No. 7: NBA playoffs shift to the Mack amidst L.A. riots

Editor's Note: In conjunction with the 25th anniversary of the Thomas & Mack Center's opening on Nov. 21, 1983, the Sun is celebrating the building's colorful history with a top 25 countdown - to No. 1 on Nov. 21, 2008 - of the biggest events held inside the arena located on UNLV's campus.

Emotions were mixed for the Los Angeles Lakers as they headed east for a 'home' playoff game on May 3, 1992.

Trailing 2-1 in a best-of-five first round series with the top-seeded Portland Trailblazers, Game Four was moved from riot-riddled L.A. to Las Vegas. Both teams sat around between games Three and Four while Los Angeles burned in the wake of the verdict from the Rodney King beating trial.

Lakers veteran A.C. Green showed up to Las Vegas wearing a brand new T-shirt which read 'South Central'. Teammate Byron Scott certainly didn't hold back his feelings before the game in the Thomas & Mack Center.

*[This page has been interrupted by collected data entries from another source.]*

Lemma pairing_extension : pairing_graph extension.
Proof.
have [GA Gtot Gfun Ginj] := PG.
have Gsupport q : G q -> [/\ B q.1.1, B q.1.2 & B q.2].
  by move=> Gq; split; exists q => //; [exact: Or31|exact: Or32|exact: Or33].
split.
- move=> t /support_extension[x [b [Bb ->]]]; case: x => /=; last exact: GA.
  by have [] := gB Bb.
- move=> _ _ /support_extension[x [b [Bb ->]]] /support_extension[y [c [Bc ->]]].
  have [xy|] := boolP (x || y).
    by exists (new_code x y b c); right; exists x, y, b, c.
  rewrite negb_or => /andP[/negbTE-> /negbTE->] /=.
  by have [u Gu] := Gtot b c Bb Bc; exists u; left.
- move=> p u v [Gu|[x [y [b [c [xy Bb Bc [-> ->]]]]]]].
    move=> [Gv|[x [y [b [c [xy Bb Bc [e _]]]]]]]; first exact: Gfun Gu Gv.
    have [Bp1 Bp2 _] := Gsupport _ Gu; rewrite e in Bp1 Bp2.
    by case: (new_key_fresh xy Bb Bc).
  move=> [Gv|[x' [y' [b' [c' [_ Bb' Bc']]]]]].
    have [Bp1 Bp2 _] := Gsupport _ Gv.
    by case: (new_key_fresh xy Bb Bc).
  by move=> [/(copy_if_inj Bb Bb')[<- <-] /(copy_if_inj Bc Bc')[<- <-] ->].
- move=> p q u [Gu|[x [y [b [c [xy Bb Bc [-> ->]]]]]]].
    move=> [Gv|[x [y [b [c [xy Bb Bc [_ e]]]]]]]; first exact: Ginj Gu Gv.
    have [_ _ Bu] := Gsupport _ Gu; rewrite e in Bu.
    by have [] := new_code_fresh x y Bb Bc.
  move=> [Gv|[x' [y' [b' [c' [_ Bb' Bc' [-> e]]]]]]].
    have [_ _ Bu] := Gsupport _ Gv.
    by have [] := new_code_fresh x y Bb Bc.
  by have [-> -> -> ->] := new_code_inj Bb Bc Bb' Bc' e.
Qed.

Lemma proper_extension : G `<` extension.
Proof.
split=> [q|]; first by left.
pose b := io 0; have Bb : B b := support_io 0.
move=> sub; have [_] := new_code_fresh true true Bb Bb; apply.
exists ((copy_if true b, copy_if true b), new_code true true b b); last exact: Or33.
by apply: sub; right; exists true, true, b, b.
Qed.

End Extension.

Hypothesis Gmax : forall G', G `<` G' -> ~ pairing_graph G'.

Lemma card_diff_support_le : A `\` B #<= B.
Proof.
have [//|/card_lePex[g gB g_inj]] := card_le_total (A `\` B) B.
by exfalso; apply: Gmax _ (proper_extension gB) (pairing_extension gB g_inj).
Qed.

Lemma card_le_supportX : A #<= B `*` B.
Proof.
have /card_lePex[h hB h_inj] := card_diff_support_le.
apply/card_lePex; exists (fun t => if `[< B t >] then (io 0, t) else (io 1, h t)).
  move=> t At; case: asboolP => Bt; split=> //; try exact: support_io.
  exact: hB.
move=> s t As At; case: asboolP => Bs; case: asboolP => Bt; case=> //.
- by move=> /io_inj.
- by move=> /io_inj.
- by move=> /h_inj; apply.
Qed.

End MaximalPairing.
End Hessenberg.

Theorem card_setX_le {T} (A : set T) : infinite_set A -> A `*` A #<= A.
Proof.
elim/Ppointed: T A => T A Ainf.
  by exfalso; apply: Ainf; rewrite (empty_eq0 A); exact: finite_set0.
have /card_lePex[io ioA' io_inj'] := (infiniteP A).1 Ainf.
have ioA n : A (io n) := ioA' n I.
have io_inj : injective io := fun m n => io_inj' m n I I.
have [G natG [PG Gmax]] :=
  Zorn_bigcup_from (pairing_nat ioA io_inj) (@pairing_bigcup _ A).
have [GA Gtot _ _] := PG.
pose B := graph_support G.
have [f fG] : exists f : T * T -> T, forall p, (B `*` B) p -> G (p, f p).
  apply: (@set_choice _ _ point _ (fun p u => G (p, u))) => -[t t'] [/= Bt Bt'].
  exact: Gtot.
have AB := card_le_trans (card_le_supportX io_inj PG natG fG Gmax)
  (card_supportX_le PG fG).
apply: card_le_trans (card_le_setX AB AB) _.
exact: card_le_trans (card_supportX_le PG fG) (subset_card_le GA).
Qed.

"I almost feel ashamed to say I'm from Los Angeles," Scott, now the head coach of the New Orleans Hornets, said at at the time. "There are a lot better ways to show your frustration than by going out and beating up people and burning down buildings. You have to sit down and evaluate what's going on and think logically about ways to make a change.

"Burning buildings and pulling people out of their cars is not going to do anything to help the situation."

To that point in the season, the Lakers had already endured so much just to make the playoffs. Before the season, Earvin 'Magic' Johnson announced that he'd tested positive for HIV and would retire. Stars James Worthy and Sam Perkins were knocked out with injuries, and the Lakers needed a come-from-behind overtime victory over the crosstown rival Clippers on the season's final day just to make the playoffs.

The Lakers needed yet another comeback just to force Game Four. In Game Three, the Lakers squeaked out a 121-119 overtime win, and a day later, it was announced that the series would shift to Las Vegas.

A crowd of 15,478 turned out to see the first non-exhibition game played in the Mack since the Utah Jazz took down the Kansas City Kings, 123-120, on Dec. 9, 1984.

It had a similar feel to a regular Lakers home game. Jack Nicholson and Arsenio Hall were not courtside, but Superfan Dyan Cannon was. Also seated on Gucci Row were boxers Terry Norris and Meldrick Taylor.

The game was hardly as glamorous as the build-up. Portland steam-rolled the defending Western Conference champs, 102-76. Just a couple of weeks later, the Blazers would fall victim to the Chicago Bulls in the NBA Finals.

Clyde 'The Glide' Drexler led the way for Portland with 26 points, 10 rebounds and seven assists, while Cliff Robinson added 14 points and six assists off the bench. Sedale Threatt scored a team-high 17 points for the Lakers.

"It would've been even sweeter if they had Magic, Worthy and Perkins out there," Drexler said afterwards. "It almost seems a bit hollow, but a victory's a victory."

The Lakers, on the other hand, felt far from slighted by the change of scenery for a 'home' game. Instead, they looked at where they'd wound up when it was all said and done as an accomplishment of sorts.

"All season long, it's been one disaster after another," Scott added. "That's the way our whole year has been. The fact that we made the playoffs and took them to four games is a real credit to our team.

"It's strange because this is the first year I've been out of the playoffs this early. But we never lacked effort or desire. We're a team that really cares about each other genuinely, so it makes it easier to band together."